Exercise description: Look in the material below for the line holding "if v == s then R%:R". Set it down exactly, with each later line up to and including the line holding "st_excess s t R v) <->".

- Opening Delimiter -

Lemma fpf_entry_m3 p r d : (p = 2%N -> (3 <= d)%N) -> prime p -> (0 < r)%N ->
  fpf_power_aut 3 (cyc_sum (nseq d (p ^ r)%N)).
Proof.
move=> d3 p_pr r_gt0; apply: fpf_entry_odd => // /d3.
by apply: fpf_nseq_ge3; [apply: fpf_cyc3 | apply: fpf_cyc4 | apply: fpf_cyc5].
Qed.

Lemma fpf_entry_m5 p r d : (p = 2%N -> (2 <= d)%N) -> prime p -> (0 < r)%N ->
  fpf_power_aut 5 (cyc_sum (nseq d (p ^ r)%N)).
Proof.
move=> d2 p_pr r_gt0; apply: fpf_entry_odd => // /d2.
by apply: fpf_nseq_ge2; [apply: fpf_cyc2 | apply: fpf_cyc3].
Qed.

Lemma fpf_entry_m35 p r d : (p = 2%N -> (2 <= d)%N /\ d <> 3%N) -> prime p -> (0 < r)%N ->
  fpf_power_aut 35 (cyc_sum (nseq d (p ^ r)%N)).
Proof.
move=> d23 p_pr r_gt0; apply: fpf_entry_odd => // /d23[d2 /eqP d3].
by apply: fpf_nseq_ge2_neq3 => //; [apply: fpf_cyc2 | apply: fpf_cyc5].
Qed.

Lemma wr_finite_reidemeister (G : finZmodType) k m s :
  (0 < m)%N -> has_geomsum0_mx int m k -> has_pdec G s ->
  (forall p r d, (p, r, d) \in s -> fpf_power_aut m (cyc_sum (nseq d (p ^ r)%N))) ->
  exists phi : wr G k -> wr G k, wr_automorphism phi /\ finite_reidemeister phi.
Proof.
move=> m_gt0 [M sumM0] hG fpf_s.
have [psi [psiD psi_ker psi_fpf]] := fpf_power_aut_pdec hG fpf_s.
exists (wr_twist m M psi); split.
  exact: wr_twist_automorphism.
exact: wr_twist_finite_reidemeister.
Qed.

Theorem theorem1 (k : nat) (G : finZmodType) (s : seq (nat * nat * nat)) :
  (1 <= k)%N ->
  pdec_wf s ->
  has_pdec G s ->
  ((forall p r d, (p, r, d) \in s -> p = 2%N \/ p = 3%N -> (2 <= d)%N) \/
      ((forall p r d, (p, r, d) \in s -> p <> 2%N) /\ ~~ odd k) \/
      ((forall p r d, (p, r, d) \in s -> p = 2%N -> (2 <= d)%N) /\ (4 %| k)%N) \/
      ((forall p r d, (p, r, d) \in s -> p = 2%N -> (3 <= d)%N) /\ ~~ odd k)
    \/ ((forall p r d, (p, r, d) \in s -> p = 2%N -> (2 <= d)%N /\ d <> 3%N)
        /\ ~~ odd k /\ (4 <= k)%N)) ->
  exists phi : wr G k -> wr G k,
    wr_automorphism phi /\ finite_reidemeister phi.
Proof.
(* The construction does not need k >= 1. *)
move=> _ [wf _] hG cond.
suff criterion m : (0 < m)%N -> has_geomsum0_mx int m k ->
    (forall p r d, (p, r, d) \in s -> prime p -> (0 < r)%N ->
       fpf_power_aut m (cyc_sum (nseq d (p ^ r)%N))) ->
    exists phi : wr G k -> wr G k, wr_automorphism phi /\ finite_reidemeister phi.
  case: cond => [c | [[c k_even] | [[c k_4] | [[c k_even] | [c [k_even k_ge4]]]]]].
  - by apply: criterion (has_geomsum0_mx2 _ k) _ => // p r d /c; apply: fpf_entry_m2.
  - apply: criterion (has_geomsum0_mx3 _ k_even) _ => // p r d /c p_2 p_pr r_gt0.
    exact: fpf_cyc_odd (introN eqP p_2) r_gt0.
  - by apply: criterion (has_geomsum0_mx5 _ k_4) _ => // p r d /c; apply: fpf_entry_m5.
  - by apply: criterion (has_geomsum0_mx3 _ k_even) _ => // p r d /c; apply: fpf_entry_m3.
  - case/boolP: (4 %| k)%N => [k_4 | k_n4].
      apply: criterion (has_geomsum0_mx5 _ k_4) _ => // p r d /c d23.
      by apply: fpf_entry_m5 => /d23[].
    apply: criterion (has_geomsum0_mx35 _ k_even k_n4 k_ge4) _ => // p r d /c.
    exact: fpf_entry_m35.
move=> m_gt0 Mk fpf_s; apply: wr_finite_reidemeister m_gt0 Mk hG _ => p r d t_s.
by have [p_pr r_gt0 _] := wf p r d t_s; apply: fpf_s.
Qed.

- Closing Delimiter -
- Opening Delimiter -

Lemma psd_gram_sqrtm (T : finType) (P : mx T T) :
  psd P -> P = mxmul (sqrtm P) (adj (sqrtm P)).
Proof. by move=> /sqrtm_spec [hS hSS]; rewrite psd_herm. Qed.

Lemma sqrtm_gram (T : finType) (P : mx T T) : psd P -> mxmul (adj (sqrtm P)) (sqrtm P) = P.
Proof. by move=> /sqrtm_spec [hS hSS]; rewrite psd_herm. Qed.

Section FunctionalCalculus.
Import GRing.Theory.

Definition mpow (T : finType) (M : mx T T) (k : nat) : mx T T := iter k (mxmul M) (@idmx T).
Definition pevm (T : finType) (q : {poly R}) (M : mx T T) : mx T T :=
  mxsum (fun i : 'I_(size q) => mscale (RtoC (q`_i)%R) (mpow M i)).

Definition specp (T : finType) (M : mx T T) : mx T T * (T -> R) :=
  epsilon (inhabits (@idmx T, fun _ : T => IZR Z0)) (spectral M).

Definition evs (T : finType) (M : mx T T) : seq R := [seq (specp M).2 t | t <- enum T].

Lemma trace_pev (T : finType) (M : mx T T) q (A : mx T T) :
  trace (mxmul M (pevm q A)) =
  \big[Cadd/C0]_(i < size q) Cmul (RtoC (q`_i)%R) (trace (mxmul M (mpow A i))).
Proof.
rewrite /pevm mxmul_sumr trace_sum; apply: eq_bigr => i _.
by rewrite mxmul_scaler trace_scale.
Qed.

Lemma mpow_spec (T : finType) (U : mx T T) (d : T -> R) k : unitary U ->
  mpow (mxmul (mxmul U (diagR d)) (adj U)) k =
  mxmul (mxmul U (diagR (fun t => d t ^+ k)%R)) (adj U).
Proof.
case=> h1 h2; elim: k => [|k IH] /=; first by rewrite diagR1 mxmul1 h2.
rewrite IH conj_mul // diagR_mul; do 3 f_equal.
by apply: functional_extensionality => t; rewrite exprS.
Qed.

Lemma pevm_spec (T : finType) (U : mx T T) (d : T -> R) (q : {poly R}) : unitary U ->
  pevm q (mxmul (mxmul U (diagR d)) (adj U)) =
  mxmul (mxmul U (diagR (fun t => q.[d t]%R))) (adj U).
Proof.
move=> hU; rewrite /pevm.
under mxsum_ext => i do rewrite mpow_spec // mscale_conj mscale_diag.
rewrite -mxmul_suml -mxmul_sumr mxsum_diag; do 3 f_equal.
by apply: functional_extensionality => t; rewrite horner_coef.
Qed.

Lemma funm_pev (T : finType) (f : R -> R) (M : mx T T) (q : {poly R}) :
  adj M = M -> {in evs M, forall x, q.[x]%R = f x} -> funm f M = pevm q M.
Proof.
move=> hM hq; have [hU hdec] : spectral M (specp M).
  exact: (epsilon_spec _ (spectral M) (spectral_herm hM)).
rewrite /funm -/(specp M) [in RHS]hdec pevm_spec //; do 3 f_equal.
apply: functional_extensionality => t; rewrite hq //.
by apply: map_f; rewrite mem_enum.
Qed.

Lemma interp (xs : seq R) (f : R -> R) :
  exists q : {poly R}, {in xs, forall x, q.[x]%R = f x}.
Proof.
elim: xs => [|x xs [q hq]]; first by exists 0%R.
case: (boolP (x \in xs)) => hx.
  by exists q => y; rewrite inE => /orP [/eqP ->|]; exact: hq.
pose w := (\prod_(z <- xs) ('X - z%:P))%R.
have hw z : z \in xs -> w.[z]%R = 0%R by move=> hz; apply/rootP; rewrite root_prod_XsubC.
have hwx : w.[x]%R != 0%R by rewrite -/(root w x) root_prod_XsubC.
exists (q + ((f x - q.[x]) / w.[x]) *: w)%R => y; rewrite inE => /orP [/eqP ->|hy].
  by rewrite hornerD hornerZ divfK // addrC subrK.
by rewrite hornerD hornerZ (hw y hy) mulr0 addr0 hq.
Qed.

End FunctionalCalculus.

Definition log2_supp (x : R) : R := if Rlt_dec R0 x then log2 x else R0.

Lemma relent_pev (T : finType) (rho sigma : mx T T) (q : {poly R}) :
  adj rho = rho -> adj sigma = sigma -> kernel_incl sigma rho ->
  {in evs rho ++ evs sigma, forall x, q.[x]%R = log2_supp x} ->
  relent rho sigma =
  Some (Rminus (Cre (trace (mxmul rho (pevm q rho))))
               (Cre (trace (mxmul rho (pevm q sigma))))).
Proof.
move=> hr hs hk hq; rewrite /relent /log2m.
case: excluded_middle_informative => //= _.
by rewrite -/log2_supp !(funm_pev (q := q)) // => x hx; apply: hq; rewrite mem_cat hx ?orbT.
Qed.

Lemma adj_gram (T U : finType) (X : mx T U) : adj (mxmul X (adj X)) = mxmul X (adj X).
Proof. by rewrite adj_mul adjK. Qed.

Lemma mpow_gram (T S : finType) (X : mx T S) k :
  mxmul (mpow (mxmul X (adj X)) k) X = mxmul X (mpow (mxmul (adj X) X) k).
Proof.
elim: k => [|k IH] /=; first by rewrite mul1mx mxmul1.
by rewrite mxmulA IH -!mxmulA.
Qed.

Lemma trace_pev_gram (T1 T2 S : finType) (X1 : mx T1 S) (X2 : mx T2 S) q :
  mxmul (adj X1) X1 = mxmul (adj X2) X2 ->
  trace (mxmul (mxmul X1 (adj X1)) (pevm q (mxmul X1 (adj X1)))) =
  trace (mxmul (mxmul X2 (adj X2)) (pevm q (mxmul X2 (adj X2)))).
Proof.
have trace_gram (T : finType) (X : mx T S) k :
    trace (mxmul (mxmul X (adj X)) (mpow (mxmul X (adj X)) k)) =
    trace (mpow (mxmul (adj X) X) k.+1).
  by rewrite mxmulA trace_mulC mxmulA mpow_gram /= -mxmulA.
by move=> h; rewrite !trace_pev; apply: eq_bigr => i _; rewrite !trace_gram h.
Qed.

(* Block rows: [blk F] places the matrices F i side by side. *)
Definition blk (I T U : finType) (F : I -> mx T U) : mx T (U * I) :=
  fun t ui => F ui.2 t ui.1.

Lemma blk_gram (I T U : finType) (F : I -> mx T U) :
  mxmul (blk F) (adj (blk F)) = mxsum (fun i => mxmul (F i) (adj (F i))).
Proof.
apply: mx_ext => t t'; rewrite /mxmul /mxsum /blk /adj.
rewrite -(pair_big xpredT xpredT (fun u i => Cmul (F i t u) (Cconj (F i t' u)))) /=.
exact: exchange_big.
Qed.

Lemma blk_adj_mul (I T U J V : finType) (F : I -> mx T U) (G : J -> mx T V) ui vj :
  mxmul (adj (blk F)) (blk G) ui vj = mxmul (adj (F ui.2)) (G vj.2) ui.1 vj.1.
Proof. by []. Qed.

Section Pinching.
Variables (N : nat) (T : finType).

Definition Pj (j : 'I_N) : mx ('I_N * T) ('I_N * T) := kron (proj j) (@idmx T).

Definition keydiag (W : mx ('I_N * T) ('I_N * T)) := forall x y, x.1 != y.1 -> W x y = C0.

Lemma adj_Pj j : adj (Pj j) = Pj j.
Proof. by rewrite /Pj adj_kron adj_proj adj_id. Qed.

- Closing Delimiter -
- Opening Delimiter -

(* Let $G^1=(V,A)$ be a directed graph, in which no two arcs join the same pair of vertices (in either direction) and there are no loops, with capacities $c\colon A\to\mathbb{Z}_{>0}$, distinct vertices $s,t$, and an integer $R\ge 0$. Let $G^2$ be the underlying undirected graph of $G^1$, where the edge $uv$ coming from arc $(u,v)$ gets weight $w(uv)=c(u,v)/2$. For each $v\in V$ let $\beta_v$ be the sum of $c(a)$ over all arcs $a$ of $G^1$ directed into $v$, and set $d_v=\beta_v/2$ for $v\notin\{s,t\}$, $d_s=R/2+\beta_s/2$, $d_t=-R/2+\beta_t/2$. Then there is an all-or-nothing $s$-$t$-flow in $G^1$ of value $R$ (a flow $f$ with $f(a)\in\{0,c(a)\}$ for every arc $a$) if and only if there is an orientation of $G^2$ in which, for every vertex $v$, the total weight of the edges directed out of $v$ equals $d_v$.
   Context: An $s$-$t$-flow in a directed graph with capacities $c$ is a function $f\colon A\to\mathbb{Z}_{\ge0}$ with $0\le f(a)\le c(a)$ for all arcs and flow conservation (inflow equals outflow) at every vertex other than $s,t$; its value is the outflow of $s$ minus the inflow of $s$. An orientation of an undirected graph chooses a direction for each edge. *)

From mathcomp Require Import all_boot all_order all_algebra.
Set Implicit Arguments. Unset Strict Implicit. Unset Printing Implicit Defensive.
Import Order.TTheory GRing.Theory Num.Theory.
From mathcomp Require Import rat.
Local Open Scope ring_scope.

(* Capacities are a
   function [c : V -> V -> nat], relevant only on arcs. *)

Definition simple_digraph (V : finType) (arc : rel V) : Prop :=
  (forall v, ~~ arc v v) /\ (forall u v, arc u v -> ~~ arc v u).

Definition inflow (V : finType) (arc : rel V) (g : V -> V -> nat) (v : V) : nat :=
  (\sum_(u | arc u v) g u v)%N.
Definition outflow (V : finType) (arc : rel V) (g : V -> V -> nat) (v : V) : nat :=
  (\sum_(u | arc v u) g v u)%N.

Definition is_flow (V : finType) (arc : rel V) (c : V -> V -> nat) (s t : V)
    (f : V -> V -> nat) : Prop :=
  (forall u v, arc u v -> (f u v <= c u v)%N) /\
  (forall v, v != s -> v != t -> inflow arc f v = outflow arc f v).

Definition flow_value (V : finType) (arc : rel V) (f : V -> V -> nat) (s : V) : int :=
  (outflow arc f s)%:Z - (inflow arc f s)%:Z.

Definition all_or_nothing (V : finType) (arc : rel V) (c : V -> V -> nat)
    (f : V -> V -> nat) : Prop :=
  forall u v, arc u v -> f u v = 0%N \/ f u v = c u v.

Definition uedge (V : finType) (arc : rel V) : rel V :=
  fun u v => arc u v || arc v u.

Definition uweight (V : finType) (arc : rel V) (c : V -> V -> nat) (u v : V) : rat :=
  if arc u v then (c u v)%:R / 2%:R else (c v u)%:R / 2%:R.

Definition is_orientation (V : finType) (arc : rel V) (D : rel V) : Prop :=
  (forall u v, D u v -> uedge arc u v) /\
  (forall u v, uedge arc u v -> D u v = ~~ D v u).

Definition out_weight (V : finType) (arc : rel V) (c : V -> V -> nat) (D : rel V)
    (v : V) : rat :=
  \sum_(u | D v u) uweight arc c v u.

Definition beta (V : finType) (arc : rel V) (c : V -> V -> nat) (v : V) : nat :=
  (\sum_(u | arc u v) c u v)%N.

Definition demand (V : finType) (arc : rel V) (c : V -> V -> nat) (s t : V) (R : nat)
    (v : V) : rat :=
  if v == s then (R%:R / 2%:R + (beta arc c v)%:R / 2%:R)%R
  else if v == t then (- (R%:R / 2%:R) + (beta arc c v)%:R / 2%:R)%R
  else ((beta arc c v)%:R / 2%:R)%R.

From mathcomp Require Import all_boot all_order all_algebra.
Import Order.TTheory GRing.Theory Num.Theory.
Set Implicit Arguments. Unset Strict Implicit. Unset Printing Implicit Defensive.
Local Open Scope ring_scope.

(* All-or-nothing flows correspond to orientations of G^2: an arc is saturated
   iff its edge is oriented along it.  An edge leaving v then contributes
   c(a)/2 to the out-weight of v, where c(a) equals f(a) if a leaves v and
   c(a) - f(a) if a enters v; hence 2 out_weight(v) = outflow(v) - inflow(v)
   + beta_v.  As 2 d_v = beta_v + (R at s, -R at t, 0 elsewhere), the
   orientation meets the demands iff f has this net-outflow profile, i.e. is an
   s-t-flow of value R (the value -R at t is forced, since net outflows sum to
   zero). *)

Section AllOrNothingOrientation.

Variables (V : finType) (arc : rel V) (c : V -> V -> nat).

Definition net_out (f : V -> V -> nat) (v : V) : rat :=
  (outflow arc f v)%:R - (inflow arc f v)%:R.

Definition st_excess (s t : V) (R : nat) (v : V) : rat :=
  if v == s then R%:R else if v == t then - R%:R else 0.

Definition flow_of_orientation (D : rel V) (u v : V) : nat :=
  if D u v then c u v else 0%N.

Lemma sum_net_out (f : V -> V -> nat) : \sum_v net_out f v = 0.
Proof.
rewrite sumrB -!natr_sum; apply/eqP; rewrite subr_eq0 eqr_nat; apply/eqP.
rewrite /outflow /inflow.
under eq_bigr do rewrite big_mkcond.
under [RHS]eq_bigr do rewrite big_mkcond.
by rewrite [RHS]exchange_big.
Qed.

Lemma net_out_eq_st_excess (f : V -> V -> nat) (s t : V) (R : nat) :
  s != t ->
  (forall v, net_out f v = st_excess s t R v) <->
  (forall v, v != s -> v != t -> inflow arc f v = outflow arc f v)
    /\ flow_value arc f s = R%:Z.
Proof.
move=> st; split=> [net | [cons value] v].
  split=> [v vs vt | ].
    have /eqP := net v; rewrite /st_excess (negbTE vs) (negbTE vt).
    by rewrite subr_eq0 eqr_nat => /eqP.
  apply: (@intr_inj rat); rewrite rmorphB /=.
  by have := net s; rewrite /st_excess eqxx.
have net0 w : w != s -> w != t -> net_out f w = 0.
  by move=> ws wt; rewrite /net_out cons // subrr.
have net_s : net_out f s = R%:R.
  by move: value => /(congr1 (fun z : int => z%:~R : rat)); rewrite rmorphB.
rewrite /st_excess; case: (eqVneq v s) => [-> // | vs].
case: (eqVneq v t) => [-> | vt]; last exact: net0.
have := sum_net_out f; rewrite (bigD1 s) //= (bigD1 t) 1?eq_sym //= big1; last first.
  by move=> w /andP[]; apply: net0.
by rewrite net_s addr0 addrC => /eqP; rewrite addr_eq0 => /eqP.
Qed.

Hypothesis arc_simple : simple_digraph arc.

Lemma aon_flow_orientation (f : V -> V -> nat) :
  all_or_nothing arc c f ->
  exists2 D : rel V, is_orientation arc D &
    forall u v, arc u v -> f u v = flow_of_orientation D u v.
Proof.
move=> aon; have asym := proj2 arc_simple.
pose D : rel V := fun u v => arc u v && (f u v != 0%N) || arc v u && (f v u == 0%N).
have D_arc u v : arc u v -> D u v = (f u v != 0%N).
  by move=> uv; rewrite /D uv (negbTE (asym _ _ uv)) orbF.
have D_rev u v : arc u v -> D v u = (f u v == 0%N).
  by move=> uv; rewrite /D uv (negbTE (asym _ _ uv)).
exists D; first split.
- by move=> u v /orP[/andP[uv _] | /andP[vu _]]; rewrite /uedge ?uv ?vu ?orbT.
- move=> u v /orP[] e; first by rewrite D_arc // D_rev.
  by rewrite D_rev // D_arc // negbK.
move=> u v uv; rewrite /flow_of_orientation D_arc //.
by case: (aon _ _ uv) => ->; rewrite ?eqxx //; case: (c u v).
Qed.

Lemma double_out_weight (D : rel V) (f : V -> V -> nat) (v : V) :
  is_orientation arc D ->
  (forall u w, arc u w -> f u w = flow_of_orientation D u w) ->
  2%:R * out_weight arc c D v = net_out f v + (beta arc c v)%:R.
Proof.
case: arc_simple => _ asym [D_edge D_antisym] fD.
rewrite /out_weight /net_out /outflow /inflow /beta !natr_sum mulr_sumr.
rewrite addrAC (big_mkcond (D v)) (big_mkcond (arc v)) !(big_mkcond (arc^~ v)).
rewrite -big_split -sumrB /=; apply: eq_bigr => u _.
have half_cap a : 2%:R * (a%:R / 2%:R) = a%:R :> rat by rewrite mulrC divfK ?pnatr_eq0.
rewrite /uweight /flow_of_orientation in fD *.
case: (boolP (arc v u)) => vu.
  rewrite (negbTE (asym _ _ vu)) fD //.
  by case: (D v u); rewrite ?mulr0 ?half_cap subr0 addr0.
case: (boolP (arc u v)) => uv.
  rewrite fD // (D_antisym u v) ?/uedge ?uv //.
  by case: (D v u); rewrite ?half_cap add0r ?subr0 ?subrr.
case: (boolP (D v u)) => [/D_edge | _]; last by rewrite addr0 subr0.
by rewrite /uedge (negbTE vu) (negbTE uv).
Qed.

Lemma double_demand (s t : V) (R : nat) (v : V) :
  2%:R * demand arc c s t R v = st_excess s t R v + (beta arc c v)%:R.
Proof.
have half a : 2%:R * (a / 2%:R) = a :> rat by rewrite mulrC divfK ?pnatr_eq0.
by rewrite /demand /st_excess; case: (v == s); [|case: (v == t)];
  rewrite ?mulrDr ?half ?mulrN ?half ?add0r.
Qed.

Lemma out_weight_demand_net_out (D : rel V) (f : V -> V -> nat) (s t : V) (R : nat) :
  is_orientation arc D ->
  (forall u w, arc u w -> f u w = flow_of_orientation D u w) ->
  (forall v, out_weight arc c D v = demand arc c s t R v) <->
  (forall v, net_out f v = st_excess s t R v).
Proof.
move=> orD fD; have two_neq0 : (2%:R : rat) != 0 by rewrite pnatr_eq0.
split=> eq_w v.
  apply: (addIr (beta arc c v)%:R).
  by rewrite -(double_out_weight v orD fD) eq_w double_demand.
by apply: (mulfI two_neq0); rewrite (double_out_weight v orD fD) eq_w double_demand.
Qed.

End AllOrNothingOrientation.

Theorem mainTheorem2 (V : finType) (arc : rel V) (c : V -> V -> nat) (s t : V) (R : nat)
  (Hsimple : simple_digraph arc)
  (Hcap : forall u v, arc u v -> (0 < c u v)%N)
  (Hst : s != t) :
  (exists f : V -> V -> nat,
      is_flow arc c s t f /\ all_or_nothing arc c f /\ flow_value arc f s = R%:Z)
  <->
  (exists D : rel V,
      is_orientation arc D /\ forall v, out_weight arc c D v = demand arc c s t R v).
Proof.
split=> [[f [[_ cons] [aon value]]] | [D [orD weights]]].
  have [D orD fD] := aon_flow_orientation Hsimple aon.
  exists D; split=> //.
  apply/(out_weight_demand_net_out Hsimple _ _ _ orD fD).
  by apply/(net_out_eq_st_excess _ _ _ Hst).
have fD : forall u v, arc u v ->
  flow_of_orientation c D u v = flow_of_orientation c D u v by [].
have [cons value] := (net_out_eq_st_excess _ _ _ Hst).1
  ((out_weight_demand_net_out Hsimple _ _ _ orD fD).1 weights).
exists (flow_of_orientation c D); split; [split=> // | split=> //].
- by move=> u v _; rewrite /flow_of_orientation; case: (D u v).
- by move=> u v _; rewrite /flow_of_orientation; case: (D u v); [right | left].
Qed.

- Closing Delimiter -

Expected answer:
  if v == s then R%:R else if v == t then - R%:R else 0.

Definition flow_of_orientation (D : rel V) (u v : V) : nat :=
  if D u v then c u v else 0%N.

Lemma sum_net_out (f : V -> V -> nat) : \sum_v net_out f v = 0.
Proof.
rewrite sumrB -!natr_sum; apply/eqP; rewrite subr_eq0 eqr_nat; apply/eqP.
rewrite /outflow /inflow.
under eq_bigr do rewrite big_mkcond.
under [RHS]eq_bigr do rewrite big_mkcond.
by rewrite [RHS]exchange_big.
Qed.

Lemma net_out_eq_st_excess (f : V -> V -> nat) (s t : V) (R : nat) :
  s != t ->
  (forall v, net_out f v = st_excess s t R v) <->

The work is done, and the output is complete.